30. While the safeguards are in place to deter irresponsible behaviour, it is important also for our HIV legislation to be aligned with medical advancements in HIV treatment, in order to encourage early detection and treatment of HIV. HIV remains incurable. However, with medical advancements in HIV treatment, persons living with HIV who adhere to their HIV treatment as prescribed by their doctors are now able to reduce the amount of HIV in their bodies to an undetectable level. This is referred to as having an undetectable viral load. A person who maintains a stable undetectable viral load over time, as a result of a consistent adherence to their treatment, cannot transmit HIV to their sexual partner. The sexual partner therefore is not at risk of contracting HIV from these individuals.

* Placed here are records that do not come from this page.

(* Let $M\in\{-1,+1\}^{m\times N}$ and let $M'$ be obtained from $M$ by duplicating rows (each row of $M$ replaced by one or more identical copies), and partition the rows of $M'$ into duplicate classes, one class for each row of $M$. Suppose the initial distribution $D'_1$ for AdaBoost on $M'$ is constant on each duplicate class. Then: (1) the exhaustive AdaBoost orbit $(D'_t)$ on $M'$ remains constant on each duplicate class for all $t$; (2) the class-summed distributions $\bar D_t$ (summing $D'_t$ over each class) evolve exactly as exhaustive AdaBoost on $M$ started from $\bar D_1$; (3) $\gamma(M')=\gamma(M)$.
   Context: Exhaustive AdaBoost on $M\in\{-1,+1\}^{m\times N}$ with smallest-index tie-breaking: from $D_t\in\Delta^{m-1}$, set $\mu_t(j)=(D_t^\top M)_j$, $j_t=\min\operatorname{argmax}_j\mu_t(j)$, $r_t=\mu_t(j_t)$, and $D_{t+1}(i)=D_t(i)/(1+r_tM_{ij_t})$. The weak-learning margin is $\gamma(M)=\min_{D\in\Delta^{m-1}}\max_{1\le j\le N}(D^\top M)_j$. *)

From HB Require Import structures.
From mathcomp Require Import all_boot all_order all_algebra.
From mathcomp Require Import all_classical all_reals.
Set Implicit Arguments. Unset Strict Implicit. Unset Printing Implicit Defensive.
Import Order.TTheory GRing.Theory Num.Theory.
Local Open Scope ring_scope.

Section AdaBoost.
Variables (R : realType) (m N : nat).
Implicit Types (M : 'M[R]_(m, N.+1)) (D : 'I_m -> R).

Definition pm1 M := forall i j, M i j = 1 \/ M i j = -1.

Definition in_simplex D := (forall i, 0 <= D i) /\ \sum_i D i = 1.

Definition edge M D (j : 'I_N.+1) : R := \sum_i D i * M i j.

Definition edge_max M D : R := \big[Num.max/edge M D ord0]_j edge M D j.

Definition jstar M D : 'I_N.+1 :=
  [arg min_(j < ord0 | edge M D j == edge_max M D) (j : nat)]%O.

Definition ada_step M D : 'I_m -> R :=
  let j := jstar M D in
  let r := edge M D j in
  fun i => D i / (1 + r * M i j).

(* ada_orbit M D1 t = D_{t+1}  (so ada_orbit M D1 0 = D_1) *)
Definition ada_orbit M D (t : nat) : 'I_m -> R := iter t (ada_step M) D.

(* weak-learning margin gamma(M) = min_{D in simplex} max_j (D^T M)_j
   (the minimum is attained, so it equals the infimum) *)
Definition gamma M : R :=
  inf [set r : R | exists D, in_simplex D /\ r = edge_max M D].

End AdaBoost.

Definition class_sum (R : realType) (m m' : nat) (c : 'I_m' -> 'I_m)
  (D' : 'I_m' -> R) : 'I_m -> R :=
  fun i => \sum_(i' | c i' == i) D' i'.

(* Every quantity AdaBoost looks at on M' -- the edges, hence the chosen column and the
   step size -- depends on D' only through its class sums, because duplicated rows have
   equal entries. The update multiplies D'(i') by a factor depending only on the class of
   i', so class-constancy is preserved and summing the update over a class gives the
   update on M. For the margin, class summation maps the simplex of M' onto that of M
   (onto, by putting all the mass of a class on one chosen representative), and the
   objective is preserved, so both minimisations range over the same set of values. *)

From HB Require Import structures.
From mathcomp Require Import all_boot all_order all_algebra.
From mathcomp Require Import all_classical all_reals.
Import Order.TTheory GRing.Theory Num.Theory.
Local Open Scope ring_scope.

Section RowDuplication.
Variables (R : realType) (m m' N : nat).
Variables (M : 'M[R]_(m, N.+1)) (M' : 'M[R]_(m', N.+1)) (c : 'I_m' -> 'I_m).

Definition class_const (D' : 'I_m' -> R) :=
  forall i1 i2, c i1 = c i2 -> D' i1 = D' i2.

Lemma sum_class_sum (D' : 'I_m' -> R) : \sum_i class_sum c D' i = \sum_i' D' i'.
Proof. by rewrite [RHS](partition_big c xpredT). Qed.

Lemma in_simplex_class_sum (D' : 'I_m' -> R) :
  in_simplex D' -> in_simplex (class_sum c D').
Proof.
move=> [D'_ge0 D'_sum1]; split; last by rewrite sum_class_sum.
by move=> i; apply: sumr_ge0 => i' _.
Qed.

Hypothesis M'_dup : forall i' j, M' i' j = M (c i') j.

Lemma edge_dup (D' : 'I_m' -> R) : edge M' D' = edge M (class_sum c D').
Proof.
apply: funext => j; rewrite /edge (partition_big c xpredT) //=.
apply: eq_bigr => i _; rewrite /class_sum big_distrl /=.
by apply: eq_bigr => i' /eqP <-; rewrite M'_dup.
Qed.

Lemma edge_max_dup (D' : 'I_m' -> R) :
  edge_max M' D' = edge_max M (class_sum c D').
Proof. by rewrite /edge_max edge_dup. Qed.

Lemma jstar_dup (D' : 'I_m' -> R) : jstar M' D' = jstar M (class_sum c D').
Proof. by rewrite /jstar /edge_max edge_dup. Qed.

Lemma ada_step_dup (D' : 'I_m' -> R) i' :
  let j := jstar M (class_sum c D') in
  ada_step M' D' i' = D' i' / (1 + edge M (class_sum c D') j * M (c i') j).
Proof. by rewrite /ada_step jstar_dup edge_dup M'_dup. Qed.

Lemma class_const_ada_orbit (D' : 'I_m' -> R) t :
  class_const D' -> class_const (ada_orbit M' D' t).
Proof.
move=> D'_const; elim: t => [|t IH] //= i1 i2 c12.
by rewrite !ada_step_dup (IH _ _ c12) c12.
Qed.

Lemma class_sum_ada_step (D' : 'I_m' -> R) :
  class_sum c (ada_step M' D') = ada_step M (class_sum c D').
Proof.
apply: funext => i; rewrite {1}/class_sum.
under eq_bigr => i' _ do rewrite ada_step_dup.
rewrite /ada_step /class_sum big_distrl /=.
by apply: eq_bigr => i' /eqP ->.
Qed.

Lemma class_sum_ada_orbit (D' : 'I_m' -> R) t :
  class_sum c (ada_orbit M' D' t) = ada_orbit M (class_sum c D') t.
Proof. by elim: t => [|t IH] //=; rewrite class_sum_ada_step IH. Qed.

Variable s : 'I_m -> 'I_m'.
Hypothesis sK : cancel s c.

Definition class_lift (D : 'I_m -> R) (i' : 'I_m') : R :=
  if i' == s (c i') then D (c i') else 0.

Lemma class_sum_lift (D : 'I_m -> R) : class_sum c (class_lift D) = D.
Proof.
apply: funext => i; rewrite /class_sum (bigD1 (s i)) /=; last by rewrite sK.
rewrite /class_lift sK eqxx big1 ?addr0 // => i' /andP[/eqP c_i' /negbTE].
by rewrite c_i' => ->.
Qed.

Lemma in_simplex_lift (D : 'I_m -> R) :
  in_simplex D -> in_simplex (class_lift D).
Proof.
move=> [D_ge0 D_sum1]; split; last by rewrite -sum_class_sum class_sum_lift.
by move=> i'; rewrite /class_lift; case: ifP.
Qed.

Lemma gamma_dup : gamma M' = gamma M.
Proof.
rewrite /gamma; congr inf; apply/seteqP; split=> _ /= [D [D_simplex ->]].
- exists (class_sum c D); split; first exact: in_simplex_class_sum.
  by rewrite edge_max_dup.
- exists (class_lift D); split; first exact: in_simplex_lift.
  by rewrite edge_max_dup class_sum_lift.
Qed.

End RowDuplication.

Theorem lemma7 (R : realType) (m m' N : nat)
    (M : 'M[R]_(m, N.+1)) (M' : 'M[R]_(m', N.+1))
    (c : 'I_m' -> 'I_m) (D1' : 'I_m' -> R) :
  pm1 M ->
  (forall i, exists i', c i' = i) ->
  (forall i' j, M' i' j = M (c i') j) ->
  in_simplex D1' ->
  (forall i1 i2, c i1 = c i2 -> D1' i1 = D1' i2) ->
  [/\ (forall t i1 i2, c i1 = c i2 ->
          ada_orbit M' D1' t i1 = ada_orbit M' D1' t i2),
      (forall t, class_sum c (ada_orbit M' D1' t) =
                 ada_orbit M (class_sum c D1') t)
    & gamma M' = gamma M].
Proof.
(* Neither the +-1 entries nor D1' being a distribution is needed. *)
move=> _ c_surj M'_dup _ D1'_const.
have [s sK] := fin_all_exists c_surj.
split.
- by move=> t; exact: class_const_ada_orbit.
- by move=> t; exact: class_sum_ada_orbit.
- exact: gamma_dup sK.
Qed.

31. The amendment Bill introduces a provision which excludes persons living with HIV from the disclosure requirement under section 23(1), if the person has maintained an undetectable viral load for a certain period of time preceding the sexual activity in question. A person is presumed to have done so if certain conditions are met. These conditions are that the person living with HIV adhere to treatment, have stable and consistent undetectable viral load test results from a licensed laboratory in Singapore, and have an undetectable viral load test result within a specified period prior to sexual activity. More details will be set out in subsidiary legislation. This amendment aligns with medical advancements and our public health objective to curb transmission by shifting greater responsibility to individuals to get tested and treated for HIV in order to achieve and maintain a stable undetectable viral load.

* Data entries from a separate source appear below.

(* Let $m\ge1$ and let $\phi\in C^\infty(\mathbb R^2)$ satisfy, for some $C>0$ and all $z\in\mathbb R^2$, $|D^3\phi(z)|\le C|z|^{2m-1}$, $|D^2\phi(z)|\le C|z|^{2m}$, $|D\phi(z)|\le C|z|^{2m+1}$. There exist constants $C_2>1$ and $\varepsilon_0,\varepsilon_2\in(0,1)$ such that for every $z\ne0$ there is a unit vector $u\in\mathbb S^1\subset\mathbb R^2$ such that for every $r\in(0,\varepsilon_0|z|)$ one has $B_{\mathrm{Eucl}}(z+\tfrac r2u,\varepsilon_2 r)\subset B_{\mathrm{Eucl}}(z,r)$ and $$|M(\zeta-z)|\ge C_2^{-1}|z|^{2m}r$$ for every $\zeta\in B_{\mathrm{Eucl}}(z+\tfrac r2u,\varepsilon_2r)$ and every matrix $M$ of the form $$M=\begin{bmatrix}\phi_{xx}(z')-2m|z|^{2m-2}xy & \phi_{xy}(z')-|z|^{2m-2}(|z|^2+2my^2)\\ \phi_{xy}(z'')+|z|^{2m-2}(|z|^2+2mx^2) & \phi_{yy}(z'')+2m|z|^{2m-2}xy\end{bmatrix},\qquad z=(x,y),$$ with $z',z''$ arbitrary points of the segment $[z,\zeta]$.
   Context: $B_{\mathrm{Eucl}}(w,\rho)$ denotes the Euclidean disk in $\mathbb R^2$ of center $w$ and radius $\rho$. $|D^k\phi(z)|$ is the maximum of the absolute values of all $k$-th order partial derivatives of $\phi$ at $z$. *)

From Stdlib Require Import Reals Lra List.
Open Scope R_scope.

(* Points of R^2 are handled as pairs of coordinates (x, y); functions
   R^2 -> R are curried: f : R -> R -> R. *)

Definition norm2 (a b : R) : R := sqrt (a ^ 2 + b ^ 2).

Definition continuous2 (f : R -> R -> R) : Prop :=
  forall x y eps, 0 < eps -> exists delta, 0 < delta /\
    forall x' y', norm2 (x' - x) (y' - y) < delta ->
      Rabs (f x' y' - f x y) < eps.

Definition is_partial (b : bool) (f g : R -> R -> R) : Prop :=
  if b then forall x y, derivable_pt_lim (fun t => f t y) x (g x y)
  else forall x y, derivable_pt_lim (fun t => f x t) y (g x y).

Fixpoint Ck (k : nat) (f : R -> R -> R) : Prop :=
  match k with
  | O => continuous2 f
  | S k' => continuous2 f /\
      exists fx fy, is_partial true f fx /\ is_partial false f fy /\
                    Ck k' fx /\ Ck k' fy
  end.

Definition smooth2 (f : R -> R -> R) : Prop := forall k, Ck k f.

(* E.g. iter_partial [true; false] f g means g = (f_x)_y = f_xy. *)
Inductive iter_partial : list bool -> (R -> R -> R) -> (R -> R -> R) -> Prop :=
| ip_nil f : iter_partial nil f f
| ip_cons b l f h g : is_partial b f h -> iter_partial l h g ->
                      iter_partial (b :: l) f g.

(* |D^k f(x,y)| <= B, i.e. every k-th order partial derivative is bounded by B
   in absolute value at (x,y). *)
Definition Dk_le (k : nat) (f : R -> R -> R) (x y B : R) : Prop :=
  forall l g, length l = k -> iter_partial l f g -> Rabs (g x y) <= B.

From Stdlib Require Import Reals List Lra Lia FunctionalExtensionality.
Open Scope R_scope.

(* Write n = |z| and N = n^(2m). At zeta = z the two off-diagonal entries of M differ by
   n^(2m-2) (2 n^2 + 2m (x^2 + y^2)) = (2 + 2m) N, so one of them has modulus at least N,
   while both diagonal entries are at most (C + m) N. If it is the (2,1) entry, push zeta
   along u = e1: then zeta - z = (r/2, 0) + O(eps2 r), and the second row of M (zeta - z) is
   dominated by that entry times r/2. If it is the (1,2) entry, take u = e2 and the first
   row. Evaluating the second derivatives at z', z'' instead of z changes them by at most
   N/16: by the mean value theorem and the third-derivative bound on the square of
   half-side eps0 n around z, where |.| <= 2n. *)

Lemma norm2_ge0 a b : 0 <= norm2 a b.
Proof. apply sqrt_pos. Qed.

32. The objectives of the amendments are to encourage individuals who are at higher risk of getting HIV to be tested regularly for HIV, and if positive, to get treated early, so that they can achieve undetectable viral load as early as possible. We urge persons living with HIV to adhere to HIV treatment and monitor their viral load closely with their doctors. In doing so, we aim to reduce the risk of HIV transmission. Singapore is not the first or only country to amend the law on this. Other jurisdictions such as Sweden, Taiwan, United States have removed the disclosure requirement for persons living with HIV who have no risk of transmitting HIV.  I would like to emphasise that in proposing the amendments, we are not relaxing the public health safeguards against HIV transmission, but encouraging infected persons to come forward to be tested and treated, thereby better protecting their sexual partners. Irresponsible behaviour that can lead to the transmission of HIV remains an offence in Singapore, and appropriate enforcement action will be taken as required.

D. Conclusion

33. To conclude, I return to the primary aim behind the amendment Bill. We have sought to enhance the IDA to enable the swift prevention and control of infectious diseases, and the flexibility to calibrate our response according to the public health situation. We have ported over relevant provisions under CTMA Part 7 which served us well and updated the existing IDA provisions.

34. As experts have cautioned, the likelihood of another pathogen with even deadlier potential than COVID-19 remains. The intent behind these amendments is to better equip MOH and Singapore to tackle future outbreaks and pandemics, safeguard the lives of our people and the functioning of our healthcare system.

35. I ask for the support of all Members for this Bill. Madam Deputy Speaker, I beg to move.